Lemma rq_reprP (R : comPzRingType) (J : ideal R) (x : R) :
  ideal_set J (repr (\pi_(rquot J) x) - x).
Proof.
by have /eqP := reprK (\pi_(rquot J) x); rewrite rquot_eqE => /asboolP.
Qed.

Lemma rq_pi_opp (R : comPzRingType) (J : ideal R) :
  {morph \pi_(rquot J) : x / - x >-> rq_opp J x}.
Proof.
move=> x; unlock rq_opp; apply/eqP; rewrite rquot_eqE; apply/asboolP.
by rewrite opprK addrC; apply: rq_reprP.
Qed.
Canonical rq_pi_opp_morph (R : comPzRingType) (J : ideal R) :=
  PiMorph1 (rq_pi_opp J).

Lemma rq_pi_add (R : comPzRingType) (J : ideal R) :
  {morph \pi_(rquot J) : x y / x + y >-> rq_add J x y}.
Proof.
move=> x y; unlock rq_add; apply/eqP; rewrite rquot_eqE; apply/asboolP.
have Hx := rq_reprP J x; have Hy := rq_reprP J y.
have -> : x + y - (repr (\pi_(rquot J) x) + repr (\pi_(rquot J) y)) =
  - ((repr (\pi_(rquot J) x) - x) + (repr (\pi_(rquot J) y) - y)).
  by ring.
by apply: idealN; apply: idealD.
Qed.
Canonical rq_pi_add_morph (R : comPzRingType) (J : ideal R) :=
  PiMorph2 (rq_pi_add J).

Lemma rq_pi_mul (R : comPzRingType) (J : ideal R) :
  {morph \pi_(rquot J) : x y / x * y >-> rq_mul J x y}.
Proof.
move=> x y; unlock rq_mul; apply/eqP; rewrite rquot_eqE; apply/asboolP.
set a := repr (\pi_(rquot J) x); set b := repr (\pi_(rquot J) y).
have Hx : ideal_set J (a - x) := rq_reprP J x; have Hy : ideal_set J (b - y) := rq_reprP J y.
have -> : x * y - a * b = - ((a - x) * y + a * (b - y)).
  by ring.
by apply: idealN; apply: idealD; [rewrite mulrC|]; apply: idealM.
Qed.
Canonical rq_pi_mul_morph (R : comPzRingType) (J : ideal R) :=
  PiMorph2 (rq_pi_mul J).

Lemma rq_addA (R : comPzRingType) (J : ideal R) : associative (rq_add J).
Proof. by move=> x y z; rewrite -[x]reprK -[y]reprK -[z]reprK !piE addrA. Qed.
Lemma rq_addC (R : comPzRingType) (J : ideal R) : commutative (rq_add J).
Proof. by move=> x y; rewrite -[x]reprK -[y]reprK !piE addrC. Qed.
Lemma rq_add0 (R : comPzRingType) (J : ideal R) : left_id (rq_zero J) (rq_add J).
Proof. by move=> x; rewrite -[x]reprK !piE add0r. Qed.
Lemma rq_addN (R : comPzRingType) (J : ideal R) :
  left_inverse (rq_zero J) (rq_opp J) (rq_add J).
Proof. by move=> x; rewrite -[x]reprK !piE addNr. Qed.

HB.instance Definition _ (R : comPzRingType) (J : ideal R) :=
  GRing.isZmodule.Build (rquot J) (@rq_addA R J) (@rq_addC R J)
    (@rq_add0 R J) (@rq_addN R J).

:::::

Required work:
The answer should consist solely of the lines from the first line above through the one with "Lemma rq_add0 (R", both included, repeated exactly.

Completed exercise:
Lemma rq_reprP (R : comPzRingType) (J : ideal R) (x : R) :
  ideal_set J (repr (\pi_(rquot J) x) - x).
Proof.
by have /eqP := reprK (\pi_(rquot J) x); rewrite rquot_eqE => /asboolP.
Qed.

Lemma rq_pi_opp (R : comPzRingType) (J : ideal R) :
  {morph \pi_(rquot J) : x / - x >-> rq_opp J x}.
Proof.
move=> x; unlock rq_opp; apply/eqP; rewrite rquot_eqE; apply/asboolP.
by rewrite opprK addrC; apply: rq_reprP.
Qed.
Canonical rq_pi_opp_morph (R : comPzRingType) (J : ideal R) :=
  PiMorph1 (rq_pi_opp J).

Lemma rq_pi_add (R : comPzRingType) (J : ideal R) :
  {morph \pi_(rquot J) : x y / x + y >-> rq_add J x y}.
Proof.
move=> x y; unlock rq_add; apply/eqP; rewrite rquot_eqE; apply/asboolP.
have Hx := rq_reprP J x; have Hy := rq_reprP J y.
have -> : x + y - (repr (\pi_(rquot J) x) + repr (\pi_(rquot J) y)) =
  - ((repr (\pi_(rquot J) x) - x) + (repr (\pi_(rquot J) y) - y)).
  by ring.
by apply: idealN; apply: idealD.
Qed.
Canonical rq_pi_add_morph (R : comPzRingType) (J : ideal R) :=
  PiMorph2 (rq_pi_add J).

Lemma rq_pi_mul (R : comPzRingType) (J : ideal R) :
  {morph \pi_(rquot J) : x y / x * y >-> rq_mul J x y}.
Proof.
move=> x y; unlock rq_mul; apply/eqP; rewrite rquot_eqE; apply/asboolP.
set a := repr (\pi_(rquot J) x); set b := repr (\pi_(rquot J) y).
have Hx : ideal_set J (a - x) := rq_reprP J x; have Hy : ideal_set J (b - y) := rq_reprP J y.
have -> : x * y - a * b = - ((a - x) * y + a * (b - y)).
  by ring.
by apply: idealN; apply: idealD; [rewrite mulrC|]; apply: idealM.
Qed.
Canonical rq_pi_mul_morph (R : comPzRingType) (J : ideal R) :=
  PiMorph2 (rq_pi_mul J).

Lemma rq_addA (R : comPzRingType) (J : ideal R) : associative (rq_add J).
Proof. by move=> x y z; rewrite -[x]reprK -[y]reprK -[z]reprK !piE addrA. Qed.
Lemma rq_addC (R : comPzRingType) (J : ideal R) : commutative (rq_add J).
Proof. by move=> x y; rewrite -[x]reprK -[y]reprK !piE addrC. Qed.
Lemma rq_add0 (R : comPzRingType) (J : ideal R) : left_id (rq_zero J) (rq_add J).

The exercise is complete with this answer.